### TASK STATEMENT
Set down the lines below exactly as they stand, please. Go from the first through the one containing "(1 - t') / t' ^ 2 * P - 1 / t * B".

((

Lemma momentum_root {a t : R} : 0 < a <= 1 ->
  t = (- a ^ 2 + sqrt (a ^ 4 + 4 * a ^ 2)) / 2 -> 0 < t < 1 /\ t ^ 2 = a ^ 2 * (1 - t).
Proof.
move=> Ha ->.
have disc_ge0 : 0 <= a ^ 4 + 4 * a ^ 2 by nra.
have Hsq := sqrt_sqrt _ disc_ge0.
have s_ge0 := sqrt_pos (a ^ 4 + 4 * a ^ 2).
set s := sqrt _ in Hsq s_ge0 *.
have s_gt : a ^ 2 < s.
  apply: Rnot_le_lt => Hle.
  have : s * s <= a ^ 2 * a ^ 2 by apply: Rmult_le_compat; lra.
  nra.
have s_lt : s < a ^ 2 + 2.
  apply: Rnot_le_lt => Hle.
  have : (a ^ 2 + 2) * (a ^ 2 + 2) <= s * s by apply: Rmult_le_compat; nra.
  nra.
split; [lra | nra].
Qed.

Section Momentum.
Context {theta : nat -> R}.
Hypothesis theta0 : theta 0%nat = 1.
Hypothesis thetaS : forall k,
  theta (S k) = (- theta k ^ 2 + sqrt (theta k ^ 4 + 4 * theta k ^ 2)) / 2.

Lemma theta_in01 k : 0 < theta k <= 1.
Proof.
elim: k => [|k IHk]; first by rewrite theta0; lra.
by have [] := momentum_root IHk (thetaS k); lra.
Qed.

Lemma theta_succ k :
  0 < theta (S k) < 1 /\ theta (S k) ^ 2 = theta k ^ 2 * (1 - theta (S k)).
Proof. exact: momentum_root (theta_in01 k) (thetaS k). Qed.

End Momentum.

Lemma scale_step_estimate {t t' P B C Li n1 be n2 : R} : 0 < t -> 0 < t' < 1 ->
  t' ^ 2 = t ^ 2 * (1 - t') ->
  P - t * B <= (1 - t) * C + t ^ 2 / 2 * Li * n1 + t / 2 * be * n2 ->
  (1 - t') / t' ^ 2 * P - 1 / t * B
   <= (1 - t) / t ^ 2 * C + Li / 2 * n1 + be / (2 * t) * n2.
Proof.
move=> t_gt0 t'_01 Hsq H.
have -> : (1 - t') / t' ^ 2 = 1 / t ^ 2 by rewrite Hsq; field; lra.
have -> : 1 / t ^ 2 * P - 1 / t * B = (P - t * B) / t ^ 2 by field; lra.
have -> : (1 - t) / t ^ 2 * C + Li / 2 * n1 + be / (2 * t) * n2
  = ((1 - t) * C + t ^ 2 / 2 * Li * n1 + t / 2 * be * n2) / t ^ 2 by field; lra.
apply: Rmult_le_compat_r H.
by apply/Rlt_le/Rinv_0_lt_compat/pow_lt.
Qed.

Lemma convex_fun_comb {d} {f : vec d -> option R} {x y a b t} :
  convex_fun f -> f x = Some a -> f y = Some b -> 0 <= t <= 1 ->
  exists c, f (vadd (vscale (1 - t) x) (vscale t y)) = Some c /\
            c <= (1 - t) * a + t * b.
Proof.
move=> Hf Hx Hy Ht.
have [c [Hc Hle]] := Hf x y a b (1 - t) Hx Hy ltac:(lra).
rewrite (_ : 1 - (1 - t) = t) in Hc Hle; last ring.
by exists c.
Qed.

Lemma argmin_dom {d} {F : vec d -> R} {hf : vec d -> option R} {z} :
  is_argmin (fun w => oshift (F w) (hf w)) z -> exists v, hf z = Some v.
Proof. by move=> [v []]; case: (hf z) => [a|] //= _ _; exists a. Qed.

Section ConvexAlongIterates.
Context {d : nat} {hf : vec d -> option R} {theta : nat -> R} {xs zs : nat -> vec d}.
Hypothesis hf_convex : convex_fun hf.
Hypothesis theta0 : theta 0%nat = 1.
Hypothesis theta_in01 : forall k, 0 < theta k <= 1.
Hypothesis xsS : forall k,
  xs (S k) = vadd (vscale (1 - theta k) (xs k)) (vscale (theta k) (zs (S k))).
Hypothesis zs_dom : forall k, exists v, hf (zs (S k)) = Some v.

Lemma xs1 : xs 1%nat = zs 1%nat.
Proof. by rewrite xsS theta0; vec_ring. Qed.

Lemma xs_dom k : exists v, hf (xs (S k)) = Some v.
Proof.
elim: k => [|k [a Ha]]; first by rewrite xs1; apply: zs_dom.
have [b Hb] := zs_dom (S k).
have t01 : 0 <= theta (S k) <= 1 by have := theta_in01 (S k); lra.
have [c [Hc _]] := convex_fun_comb hf_convex Ha Hb t01.
by exists c; rewrite xsS.
Qed.

(* For k = 0 the point xs 0 may lie outside dom hf, but its junk value
   ev None = 0 carries the coefficient 1 - theta 0 = 0. *)
Lemma ev_xs_step k hz : hf (zs (S k)) = Some hz ->
  ev (hf (xs (S k))) <= (1 - theta k) * ev (hf (xs k)) + theta k * hz.
Proof.
case: k => [|k] Hz.
  by rewrite xs1 theta0 Hz /=; lra.
have [a Ha] := xs_dom k.
have t01 : 0 <= theta (S k) <= 1 by have := theta_in01 (S k); lra.
have [c [Hc Hle]] := convex_fun_comb hf_convex Ha Hz t01.
by rewrite xsS Hc Ha /=.
Qed.

End ConvexAlongIterates.
Theorem proposition3 (n m : nat) (d : 'I_n -> nat)
  (g : forall i, vec (d i) -> R) (gradg : forall i, vec (d i) -> vec (d i))
  (h : forall i, vec (d i) -> option R)
  (L : 'I_n -> R) (A : forall i, mat m (d i)) (b : vec m)
  (beta : R) (eta : 'I_n -> R)
  (xs zs : nat -> forall i, vec (d i)) (lam : nat -> vec m) (theta : nat -> R) :
  (forall i, 0 < L i) ->
  (forall i, proper_fun (fun v => Some (g i v)) /\
             convex_fun (fun v => Some (g i v)) /\ lsc_fun (fun v => Some (g i v))) ->
  (forall i, is_gradient (g i) (gradg i)) ->
  (forall i, lipschitz (gradg i) (L i)) ->
  (forall i, proper_fun (h i) /\ convex_fun (h i) /\ lsc_fun (h i)) ->
  (forall i, mat_nonzero (A i)) ->
  0 < beta ->
  (forall i, exists c, is_opnorm (A i) c /\ INR n * c ^ 2 < eta i) ->
  theta 0%nat = 1 ->
  (forall k, theta (S k) =
     (- theta k ^ 2 + sqrt (theta k ^ 4 + 4 * theta k ^ 2)) / 2) ->
  (forall k i,
     let y := vadd (vscale (1 - theta k) (xs k i)) (vscale (theta k) (zs k i)) in
     is_argmin (fun u : vec (d i) =>
        oshift (ip (gradg i y) u + ip (lam k) (mapply (A i) u)
                + ip (vscale beta (madj (A i) (vsub (Aall A (zs k)) b))) u
                + (L i * theta k + beta * eta i) / 2 * norm (vsub u (zs k i)) ^ 2)
               (h i u))
       (zs (S k) i)) ->
  (forall k i, xs (S k) i =
     vadd (vscale (1 - theta k) (xs k i)) (vscale (theta k) (zs (S k) i))) ->
  (forall k, lam (S k) = vadd (lam k) (vscale beta (vsub (Aall A (zs (S k))) b))) ->
  forall (k : nat) (i : 'I_n) (u : vec (d i)) (hu : R), h i u = Some hu ->
  let lamhat := vadd (lam k) (vscale beta (vsub (Aall A (zs k)) b)) in
  let fu := g i u + hu in
  (1 - theta (S k)) / theta (S k) ^ 2
      * (g i (xs (S k) i) + ev (h i (xs (S k) i)) - fu)
    - 1 / theta k * ip (madj (A i) lamhat) (vsub u (zs (S k) i))
  <= (1 - theta k) / theta k ^ 2 * (g i (xs k i) + ev (h i (xs k i)) - fu)
     + L i / 2 * (norm (vsub (zs k i) u) ^ 2 - norm (vsub (zs (S k) i) u) ^ 2)
     + beta * eta i / (2 * theta k)
       * (norm (vsub (zs k i) u) ^ 2 - norm (vsub (zs (S k) i) u) ^ 2
          - norm (vsub (zs (S k) i) (zs k i)) ^ 2).
Proof.
move=> _ Hg Hgrad Hlip Hh _ _ _ theta0 thetaS Hopt Hx _ k i u hu Hu lamhat fu.
have theta_bounds := theta_in01 theta0 thetaS.
have [theta_k1 Hsq] := theta_succ theta0 thetaS k.
have [_ [Hgc _]] := Hg i.
have [_ [Hhc _]] := Hh i.
have zs_dom k' : exists v, h i (zs (S k') i) = Some v := argmin_dom (Hopt k' i).
apply: (scale_step_estimate (proj1 (theta_bounds k)) theta_k1 Hsq).
rewrite {1}Hx.
apply: (linearized_prox_step (M := madj (A i) lamhat) (Hgrad i) (Hlip i) Hgc Hhc
          _ _ _ Hu).
- by have := theta_bounds k; lra.
- apply: (eq_ind _ (fun F => is_argmin F (zs (S k) i)) (Hopt k i)).
  apply: functional_extensionality => w; congr (oshift _ _).
  by rewrite /lamhat ip_addl -ip_madj ip_addl !ip_scalel -ip_madj; ring.
- exact: (ev_xs_step (xs := fun k => xs k i) (zs := fun k => zs k i)
            Hhc theta0 theta_bounds (fun k => Hx k i) zs_dom).
Qed.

))

### ANSWER FOR THE TASK
Lemma momentum_root {a t : R} : 0 < a <= 1 ->
  t = (- a ^ 2 + sqrt (a ^ 4 + 4 * a ^ 2)) / 2 -> 0 < t < 1 /\ t ^ 2 = a ^ 2 * (1 - t).
Proof.
move=> Ha ->.
have disc_ge0 : 0 <= a ^ 4 + 4 * a ^ 2 by nra.
have Hsq := sqrt_sqrt _ disc_ge0.
have s_ge0 := sqrt_pos (a ^ 4 + 4 * a ^ 2).
set s := sqrt _ in Hsq s_ge0 *.
have s_gt : a ^ 2 < s.
  apply: Rnot_le_lt => Hle.
  have : s * s <= a ^ 2 * a ^ 2 by apply: Rmult_le_compat; lra.
  nra.
have s_lt : s < a ^ 2 + 2.
  apply: Rnot_le_lt => Hle.
  have : (a ^ 2 + 2) * (a ^ 2 + 2) <= s * s by apply: Rmult_le_compat; nra.
  nra.
split; [lra | nra].
Qed.

Section Momentum.
Context {theta : nat -> R}.
Hypothesis theta0 : theta 0%nat = 1.
Hypothesis thetaS : forall k,
  theta (S k) = (- theta k ^ 2 + sqrt (theta k ^ 4 + 4 * theta k ^ 2)) / 2.

Lemma theta_in01 k : 0 < theta k <= 1.
Proof.
elim: k => [|k IHk]; first by rewrite theta0; lra.
by have [] := momentum_root IHk (thetaS k); lra.
Qed.

Lemma theta_succ k :
  0 < theta (S k) < 1 /\ theta (S k) ^ 2 = theta k ^ 2 * (1 - theta (S k)).
Proof. exact: momentum_root (theta_in01 k) (thetaS k). Qed.

End Momentum.

Lemma scale_step_estimate {t t' P B C Li n1 be n2 : R} : 0 < t -> 0 < t' < 1 ->
  t' ^ 2 = t ^ 2 * (1 - t') ->
  P - t * B <= (1 - t) * C + t ^ 2 / 2 * Li * n1 + t / 2 * be * n2 ->
  (1 - t') / t' ^ 2 * P - 1 / t * B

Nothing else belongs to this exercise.